Since the p value is negligible so we reject the Null Hypothesis and hence Alternate hypothesis is accepted which is to accept Fixed Model is better than Pooled Model
Pooled vs Random
Null Hypothesis: Pooled Model
Alternate Hypothesis: Random Model

>  plmtest(pool)

        Lagrange Multiplier Test - (Honda)

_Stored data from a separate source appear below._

(* On [b - rho, b] the weight [exp alpha - exp (alpha * (b - rho + 1 - x))] is nonnegative,
   so monotonicity lets us replace [r x] by [r b]. *)
Lemma exp_damped_tail_le b rho : 0 <= rho <= 1 ->
  exp alpha * (prim r b - prim r (b - rho))
    - exp (alpha * (b - rho + 1)) * (prim D b - prim D (b - rho))
  <= r b * (rho * exp alpha - (exp alpha - exp (alpha * (1 - rho))) / alpha).
Proof.
  intros Hrho. set (a := b - rho).
  set (k := fun x => exp alpha - exp (alpha * (a + 1 - x))).
  set (F := fun x => r b * (exp alpha * x + exp (alpha * (a + 1 - x)) / alpha)).
  assert (HF : is_RInt (fun x => r b * k x) a b (minus (F b) (F a))).
  { apply (is_RInt_derive (V := R_CompleteNormedModule) F).
    - intros x _. unfold F, k. auto_derive; [exact I|].
      replace (a + 1 + - x) with (a + 1 - x) by ring. field. lra.
    - intros x _. apply (ex_derive_continuous (K := R_AbsRing) (V := R_NormedModule)).
      unfold k. auto_derive. exact I. }
  assert (HL : is_RInt (fun x => r x * k x) a b
     (exp alpha * RInt r a b + - exp (alpha * (a + 1)) * RInt D a b)).
  { apply (is_RInt_ext (fun x => exp alpha * r x + - exp (alpha * (a + 1)) * D x)).
    - intros x _. unfold k, D, exp_damped.
      replace (alpha * (a + 1 - x)) with (alpha * (a + 1) + - (alpha * x)) by ring.
      rewrite exp_plus. R_eq. ring.
    - apply is_RInt_lin2; [apply r_int | apply ex_RInt_exp_damped]. }
  rewrite !RInt_prim in HL by (apply r_int || apply ex_RInt_exp_damped).
  replace (r b * _) with (minus (F b) (F a)).
  - replace (_ - _) with (exp alpha * (prim r b - prim r a)
                          + - exp (alpha * (a + 1)) * (prim D b - prim D a)) by ring.
    apply (is_RInt_le _ _ a b _ _ ltac:(unfold a; lra) HL HF).
    intros x Hx. apply Rmult_le_compat_r; [|apply r_mono; lra].
    assert (alpha * (a + 1 - x) <= alpha * 1) by (apply Rmult_le_compat_l; lra).
    pose proof (exp_le_exp (alpha * (a + 1 - x)) alpha ltac:(lra)). unfold k. lra.
  - unfold F. replace (a + 1 - b) with (1 - rho) by (unfold a; ring).
    replace (a + 1 - a) with 1 by ring. rewrite Rmult_1_r.
    change (minus ?u ?v) with (u - v). unfold a. R_eq. field. lra.
Qed.

End ExpKernel.

Theorem lemmaB3 (alpha rho U : R) (r : R -> R)
  (halpha : 1 <= alpha) (hrho0 : 0 <= rho) (hrho1 : rho <= 1) (hU : 1 <= U)
  (hr_nonneg : forall x, 0 <= r x)
  (hr_mono : forall x y, x <= y -> r x <= r y)
  (hr_loc : forall a b, ex_RInt r a b)
  (hr_neg : forall x, x < 0 -> r x = 0) :
  PRD_a alpha rho U r <=
    RInt (fun x => r x * phi_x alpha rho U x) (U - 1) (U - rho)
    + RInt (fun x => r x * psi_x alpha rho U x) (U - rho) U
    + r (U - 1) * Omega alpha rho.
Proof.
  assert (Ha : 0 < alpha) by lra.
  pose proof (exp_gt_1 alpha Ha) as HE.
  pose proof (exp_damped_tail_le alpha r Ha hr_loc hr_mono (U - 1) rho (conj hrho0 hrho1)) as Htail.
  replace (U - 1 - rho + 1) with (U - rho) in Htail by ring.
  replace (U - 1 - rho) with (U - rho - 1) in Htail by ring.
  unfold PRD_a, Omega.
  rewrite (RInt_beta_y alpha r), (beta_y_prim alpha r), !(RInt_prim r), (RInt_r_phi_x alpha r),
    (RInt_r_psi_x alpha r) by first [assumption | lra].
  rewrite (prim_eq0 r 0 hr_neg (Rle_refl 0)).
  match type of Htail with ?T <= ?B => set (tail := T) in Htail; set (bound := B) in Htail end.
  match goal with |- ?L <= ?Rt =>
    assert (Hgap : Rt - L = (bound - tail) / (alpha * (exp alpha - 1))) end.
  { unfold tail, bound. R_eq. field. lra. }
  assert (0 <= (bound - tail) / (alpha * (exp alpha - 1))) by (apply Rdiv_le_0_compat; nra).
  lra.
Qed.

data:  log(pcap) ~ log(hwy) + log(water) + log(util) + log(pc) + log(gsp) +      log(emp) + log(unemp)
normal = 57.1686, p-value < 2.2e-16
alternative hypothesis: significant effects

Since the p value is negligible so we reject the Null Hypothesis and hence Alternate hypothesis is accepted which is to accept Random Model is better than Pooled Model
Random vs Fixed
Null Hypothesis: No Correlation . Random Model
Alternate Hypothesis: Fixed Model

> phtest(fixed,random)

        Hausman Test

data:  log(pcap) ~ log(hwy) + log(water) + log(util) + log(pc) + log(gsp) +      log(emp) + log(unemp)
chisq = 93.546, df = 7, p-value < 2.2e-16
alternative hypothesis: one model is inconsistent

Since the p value is negligible so we reject the Null Hypothesis and hence Alternate hypothesis is accepted which is to accept Fixed Model.

Conclusion:
 So after making all the comparisons we come to the conclusion that Fixed Model is best suited to do the panel data analysis for "Produc" data set.

Hence , we conclude that within the same id i.e. within same "state" there is no variation.